I’ve spent a long time tinkering around with data, moving it around, mangling it and generally trying to make it a bit more useful. There are plenty of fancy and expensive tools out there like IBM InfoSphere, Informatica, Talend, and Ab Initio you can use to do this sort of stuff. So far, so boring.

But did you know you can do some of fancy data boshing & query stuff on the linux command line? “No way!”, I hear you say (or more likely, “no shit!”). Yep - you can filter, sort, join, aggregate and otherwise dick-around with data in something like bash as much as you like. All you need is an intermediate level of understanding of a handful of GNU command line tools.
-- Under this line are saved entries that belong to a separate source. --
(* $Spec_B(A)$ is a topological space whose closed subsets are the sets $\mathcal{V}(b)=\{p\in Spec_B(A)\mid b\leq p\}$ with $b\in B$. Dually, its open subsets are the sets $\mathcal{U}(b)=\{p\in Spec_B(A)\mid b\nleq p\}$ with $b\in B$.
   Context: Let $A$ be a quasi-quantale, i.e. a complete $\bigvee$-semilattice (with bottom $0$ and top $1$) equipped with an associative product $A\times A\to A$ such that $(\bigvee X)a=\bigvee\{xa\mid x\in X\}$ and $a(\bigvee Y)=\bigvee\{ay\mid y\in Y\}$ for all directed subsets $X,Y\subseteq A$ and all $a\in A$. Let $B$ be a subquasi-quantale of $A$, i.e. a sub-$\bigvee$-semilattice of $A$ closed under the product on which these two directed distributive laws hold for all directed $X,Y\subseteq B$ and $a\in B$. Assume moreover that $0,1\in B$ and that $1b\leq b$ and $b1\leq b$ for all $b\in B$. An element $1\neq p\in A$ is prime relative to $B$ if whenever $ab\leq p$ with $a,b\in B$ then $a\leq p$ or $b\leq p$; $Spec_B(A)$ denotes the set of all elements of $A$ that are prime relative to $B$. *)

Set Implicit Arguments.

Section QQ.
Variable A : Type.
Variable le : A -> A -> Prop.
Variable sup : (A -> Prop) -> A.
Variable mul : A -> A -> A.

Definition is_sup (X : A -> Prop) (s : A) : Prop :=
  (forall x, X x -> le x s) /\ (forall u, (forall x, X x -> le x u) -> le s u).

Definition directed (X : A -> Prop) : Prop :=
  (exists x, X x) /\
  (forall x y, X x -> X y -> exists z, X z /\ le x z /\ le y z).

Definition bot : A := sup (fun _ => False).
Definition top : A := sup (fun _ => True).

Definition quasi_quantale : Prop :=
  (forall x, le x x) /\
  (forall x y z, le x y -> le y z -> le x z) /\
  (forall x y, le x y -> le y x -> x = y) /\
  (forall X, is_sup X (sup X)) /\
  (forall a b c, mul (mul a b) c = mul a (mul b c)) /\
  (forall X a, directed X ->
     mul (sup X) a = sup (fun y => exists x, X x /\ y = mul x a)) /\
  (forall Y a, directed Y ->
     mul a (sup Y) = sup (fun z => exists y, Y y /\ z = mul a y)).

Definition subquasi_quantale (B : A -> Prop) : Prop :=
  (forall X, (forall x, X x -> B x) -> B (sup X)) /\
  (forall a b, B a -> B b -> B (mul a b)) /\
  (forall X a, (forall x, X x -> B x) -> directed X -> B a ->
     mul (sup X) a = sup (fun y => exists x, X x /\ y = mul x a)) /\
  (forall Y a, (forall y, Y y -> B y) -> directed Y -> B a ->
     mul a (sup Y) = sup (fun z => exists y, Y y /\ z = mul a y)).

Definition prime_rel (B : A -> Prop) (p : A) : Prop :=
  p <> top /\
  forall a b, B a -> B b -> le (mul a b) p -> le a p \/ le b p.

Definition Spec (B : A -> Prop) : A -> Prop := fun p => prime_rel B p.

Definition VV (B : A -> Prop) (b : A) : A -> Prop :=
  fun p => Spec B p /\ le b p.

Definition UU (B : A -> Prop) (b : A) : A -> Prop :=
  fun p => Spec B p /\ ~ le b p.

End QQ.

Definition same_set {T : Type} (S S' : T -> Prop) : Prop := forall x, S x <-> S' x.

(* The family is assumed to be closed under extensional equality. *)
Definition closed_sets_topology {T : Type} (X : T -> Prop)
  (C : (T -> Prop) -> Prop) : Prop :=
  (forall S, C S -> forall x, S x -> X x) /\
  C (fun _ => False) /\
  C X /\
  (forall F : (T -> Prop) -> Prop, (forall S, F S -> C S) ->
     C (fun x => X x /\ forall S, F S -> S x)) /\
  (forall S S', C S -> C S' -> C (fun x => S x \/ S' x)).

Definition open_sets_topology {T : Type} (X : T -> Prop)
  (O : (T -> Prop) -> Prop) : Prop :=
  (forall S, O S -> forall x, S x -> X x) /\
  O (fun _ => False) /\
  O X /\
  (forall F : (T -> Prop) -> Prop, (forall S, F S -> O S) ->
     O (fun x => exists S, F S /\ S x)) /\
  (forall S S', O S -> O S' -> O (fun x => S x /\ S' x)).

From Stdlib Require Import Classical.

(* The sets V(b) are closed under the topology operations because B is:
   V(top) is empty, V(bot) is everything, an intersection of V(c)'s is
   V(sup c), and V(a) ∪ V(b) = V(ab).  The last equation is where primality
   (for ⊆) and the unit-like behaviour of top (for ⊇, via a b <= a top <= a)
   enter.  The U(b) are the complements of the V(b), and complements of the
   closed sets of any topology form its open sets. *)

Lemma open_sets_of_closed_sets {T : Type} (X : T -> Prop)
    (C : (T -> Prop) -> Prop) :
  closed_sets_topology X C ->
  open_sets_topology X
    (fun S => exists K, C K /\ same_set S (fun x => X x /\ ~ K x)).
Proof.
  intros (C_sub & C_empty & C_full & C_inter & C_union).
  split; [|split; [|split; [|split]]].
  - intros S [K [_ HS]] x Sx. now apply HS.
  - exists X. split; [exact C_full|]. intro x. tauto.
  - exists (fun _ => False). split; [exact C_empty|]. intro x. tauto.
  - intros F HF.
    set (G := fun K => C K /\ exists S, F S /\ same_set S (fun x => X x /\ ~ K x)).
    exists (fun x => X x /\ forall K, G K -> K x).
    split; [now apply C_inter; intros K [CK _]|].
    intro x. split.
    + intros [S [FS Sx]].
      destruct (HF S FS) as [K [CK HS]].
      destruct (proj1 (HS x) Sx) as [Xx nKx].
      split; [exact Xx|]. intros [_ Hall].
      apply nKx, Hall. split; [exact CK|]. now exists S.
    + intros [Xx nI].
      assert (HK : exists K, G K /\ ~ K x).
      { apply NNPP. intros Hno. apply nI. split; [exact Xx|].
        intros K GK. apply NNPP. intros nKx. apply Hno. now exists K. }
      destruct HK as [K [[_ [S [FS HS]]] nKx]].
      exists S. split; [exact FS|]. now apply HS.
  - intros S S' [K [CK HS]] [K' [CK' HS']].
    exists (fun x => K x \/ K' x). split; [now apply C_union|].
    intro x. rewrite (HS x), (HS' x). tauto.
Qed.

Lemma open_sets_topology_ext {T : Type} (X : T -> Prop)
    (O O' : (T -> Prop) -> Prop) :
  (forall S, O S <-> O' S) ->
  open_sets_topology X O -> open_sets_topology X O'.
Proof.
  intros HO (O_sub & O_empty & O_full & O_union & O_inter).
  split; [|split; [|split; [|split]]].
  - intros S O'S. now apply O_sub, HO.
  - now apply HO.
  - now apply HO.
  - intros F HF. apply HO, O_union. intros S FS. now apply HO, HF.
  - intros S S' O'S O'S'. now apply HO, O_inter; apply HO.
Qed.

Section SpecTopology.

Variables (A : Type) (le : A -> A -> Prop) (sup : (A -> Prop) -> A)
  (mul : A -> A -> A) (B : A -> Prop).

Hypothesis HQ : quasi_quantale le sup mul.
Hypothesis HB : subquasi_quantale le sup mul B.

Local Notation top := (top sup).
Local Notation bot := (bot sup).
Local Notation Spec := (Spec le sup mul B).
Local Notation VV := (VV le sup mul B).
Local Notation UU := (UU le sup mul B).

Lemma le_refl x : le x x.
Proof. now destruct HQ as (H & _). Qed.

Lemma le_trans x y z : le x y -> le y z -> le x z.
Proof. destruct HQ as (_ & H & _). apply H. Qed.

Lemma le_antisym x y : le x y -> le y x -> x = y.
Proof. destruct HQ as (_ & _ & H & _). apply H. Qed.

Lemma sup_upper (X : A -> Prop) x : X x -> le x (sup X).
Proof. destruct HQ as (_ & _ & _ & Hs & _). apply (proj1 (Hs X)). Qed.

Lemma sup_least (X : A -> Prop) u : (forall x, X x -> le x u) -> le (sup X) u.
Proof. destruct HQ as (_ & _ & _ & Hs & _). apply (proj2 (Hs X)). Qed.

Lemma le_top x : le x top.
Proof. now apply sup_upper. Qed.

Lemma bot_le x : le bot x.
Proof. now apply sup_least. Qed.

Lemma B_sup (X : A -> Prop) : (forall x, X x -> B x) -> B (sup X).
Proof. destruct HB as (H & _). apply H. Qed.

Lemma B_mul a b : B a -> B b -> B (mul a b).
Proof. destruct HB as (_ & H & _). apply H. Qed.

(* b <= c makes {b, c} a directed subset of B with join c, so distributivity
   over directed joins yields monotonicity. *)
Lemma sup_pair_le b c : le b c -> sup (fun y => y = b \/ y = c) = c.
Proof.
  intros bc. apply le_antisym.
  - apply sup_least. intros y [-> | ->]; [exact bc | apply le_refl].
  - apply sup_upper. now right.
Qed.

Lemma directed_pair_le b c : le b c -> directed le (fun y => y = b \/ y = c).
Proof.
  intros bc. split; [now exists b; left|].
  assert (Hc : forall x, x = b \/ x = c -> le x c).
  { intros x [-> | ->]; [exact bc | apply le_refl]. }
  intros x y Hx Hy. exists c. split; [now right|]. auto.
Qed.

Lemma mul_monotone_r a b c :
  B a -> B b -> B c -> le b c -> le (mul a b) (mul a c).
Proof.
  intros Ba Bb Bc bc. destruct HB as (_ & _ & _ & distr_r).
  rewrite <- (sup_pair_le b c bc), distr_r; auto using directed_pair_le.
  - apply sup_upper. exists b. split; [now left | reflexivity].
  - now intros y [-> | ->].
Qed.

Lemma mul_monotone_l a b c :
  B a -> B b -> B c -> le b c -> le (mul b a) (mul c a).
Proof.
  intros Ba Bb Bc bc. destruct HB as (_ & _ & distr_l & _).
  rewrite <- (sup_pair_le b c bc), distr_l; auto using directed_pair_le.
  - apply sup_upper. exists b. split; [now left | reflexivity].
  - now intros y [-> | ->].
Qed.

Hypothesis B_top : B top.
Hypothesis mul_top_le : forall b, B b -> le (mul top b) b /\ le (mul b top) b.

Lemma mul_le_l a b : B a -> B b -> le (mul a b) a.
Proof.
  intros Ba Bb. apply le_trans with (mul a top).
  - apply mul_monotone_r; auto using le_top.
  - now apply mul_top_le.
Qed.

Lemma mul_le_r a b : B a -> B b -> le (mul a b) b.
Proof.
  intros Ba Bb. apply le_trans with (mul top b).
  - apply mul_monotone_l; auto using le_top.
  - now apply mul_top_le.
Qed.

Lemma Spec_top_nle p : Spec p -> ~ le top p.
Proof. intros [p_ntop _] top_p. now apply p_ntop, le_antisym; [apply le_top|]. Qed.

Lemma VV_top : same_set (VV top) (fun _ => False).
Proof. intros p. split; [intros [Sp Hp]; exact (Spec_top_nle p Sp Hp) | easy]. Qed.

Lemma VV_bot : same_set (VV bot) Spec.
Proof. intros p. split; [now intros [Sp _] | split; auto using bot_le]. Qed.

Lemma VV_sup (P : A -> Prop) :
  same_set (VV (sup P)) (fun p => Spec p /\ forall c, P c -> le c p).
Proof.
  intros p. split.
  - intros [Sp Hp]. split; [exact Sp|].
    intros c Pc. apply le_trans with (sup P); [apply sup_upper|]; auto.
  - intros [Sp Hp]. split; [exact Sp|]. now apply sup_least.
Qed.

Lemma VV_mul a b : B a -> B b ->
  same_set (VV (mul a b)) (fun p => VV a p \/ VV b p).
Proof.
  intros Ba Bb p. split.
  - intros [Sp Hp]. destruct (proj2 Sp a b Ba Bb Hp); [left | right]; now split.
  - intros [[Sp Hp] | [Sp Hp]]; split; auto.
    + apply le_trans with a; auto using mul_le_l.
    + apply le_trans with b; auto using mul_le_r.
Qed.

Lemma Spec_closed_sets :
  B bot ->
  closed_sets_topology Spec (fun S => exists b, B b /\ same_set S (VV b)).
Proof.
  intros B_bot. split; [|split; [|split; [|split]]].
  - intros S [b [_ HS]] p Sp. now apply HS in Sp as [Spec_p _].
  - exists top. split; [exact B_top|]. intros p. symmetry. apply VV_top.
  - exists bot. split; [exact B_bot|]. intros p. symmetry. apply VV_bot.
  - intros F HF.
    set (P := fun c => B c /\ exists S, F S /\ same_set S (VV c)).
    exists (sup P). split; [now apply B_sup; intros c [Bc _]|].
    intros p. rewrite (VV_sup P p). split.
    + intros [Sp HS]. split; [exact Sp|].
      intros c [_ [S [FS Hc]]]. now apply Hc, HS.
    + intros [Sp Hp]. split; [exact Sp|].
      intros S FS. destruct (HF S FS) as [c [Bc Hc]].
      apply Hc. split; [exact Sp|]. apply Hp. split; [exact Bc|]. now exists S.
  - intros S S' [a [Ba HS]] [b [Bb HS']].
    exists (mul a b). split; [now apply B_mul|].
    intros p. rewrite (HS p), (HS' p). symmetry. now apply VV_mul.
Qed.

Lemma UU_iff_not_VV b p : UU b p <-> Spec p /\ ~ VV b p.
Proof. unfold UU, VV. tauto. Qed.

Lemma open_complement_iff_UU S :
  (exists K, (exists b, B b /\ same_set K (VV b)) /\
             same_set S (fun p => Spec p /\ ~ K p)) <->
  (exists b, B b /\ same_set S (UU b)).
Proof.
  split.
  - intros [K [[b [Bb HK]] HS]]. exists b. split; [exact Bb|].
    intros p. rewrite (HS p), (HK p), UU_iff_not_VV. reflexivity.
  - intros [b [Bb HS]]. exists (VV b). split; [now exists b|].
    intros p. rewrite (HS p). apply UU_iff_not_VV.
Qed.

End SpecTopology.

Theorem proposition3p18 (A : Type) (le : A -> A -> Prop)
  (sup : (A -> Prop) -> A) (mul : A -> A -> A) (B : A -> Prop) :
  quasi_quantale le sup mul ->
  subquasi_quantale le sup mul B ->
  B (bot sup) -> B (top sup) ->
  (forall b, B b -> le (mul (top sup) b) b /\ le (mul b (top sup)) b) ->
  closed_sets_topology (Spec le sup mul B)
    (fun S => exists b, B b /\ same_set S (VV le sup mul B b)) /\
  open_sets_topology (Spec le sup mul B)
    (fun S => exists b, B b /\ same_set S (UU le sup mul B b)) /\
  (forall b p, UU le sup mul B b p <-> (Spec le sup mul B p /\ ~ VV le sup mul B b p)).
Proof.
  intros HQ HB B_bot B_top mul_top_le.
  pose proof (Spec_closed_sets _ _ _ _ _ HQ HB B_top mul_top_le B_bot) as closed.
  split; [exact closed|]. split.
  - eapply open_sets_topology_ext; [apply open_complement_iff_UU|].
    now apply open_sets_of_closed_sets.
  - apply UU_iff_not_VV.
Qed.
So guess what I’m about to do? Yep, I’m going to demo a few ways you can mangle data on the command line. These tricks are great ways to explore raw data, clean it up and generally get familiar with its structure before it gets loaded into whatever data store your platform gods have chosen for you.

The Data

I’m using tables from the Microsoft AdventureWorks database (yawn - I know). I grabbed the data from here. I’m only using 4 files from it to keep things simple:

  • Customers.csv - A list of IDs of customers
  • Person.csv - A list of people
  • Product.csv - a list of products
  • SalesOrderHeader.csv - Summary sales data for customers

Some of this data has mixed encodings and inconsistent delimiters, which is really annoying but allows me to use some cool tricks to make it cleaner. I’ve also manually added header records to make them easier to read.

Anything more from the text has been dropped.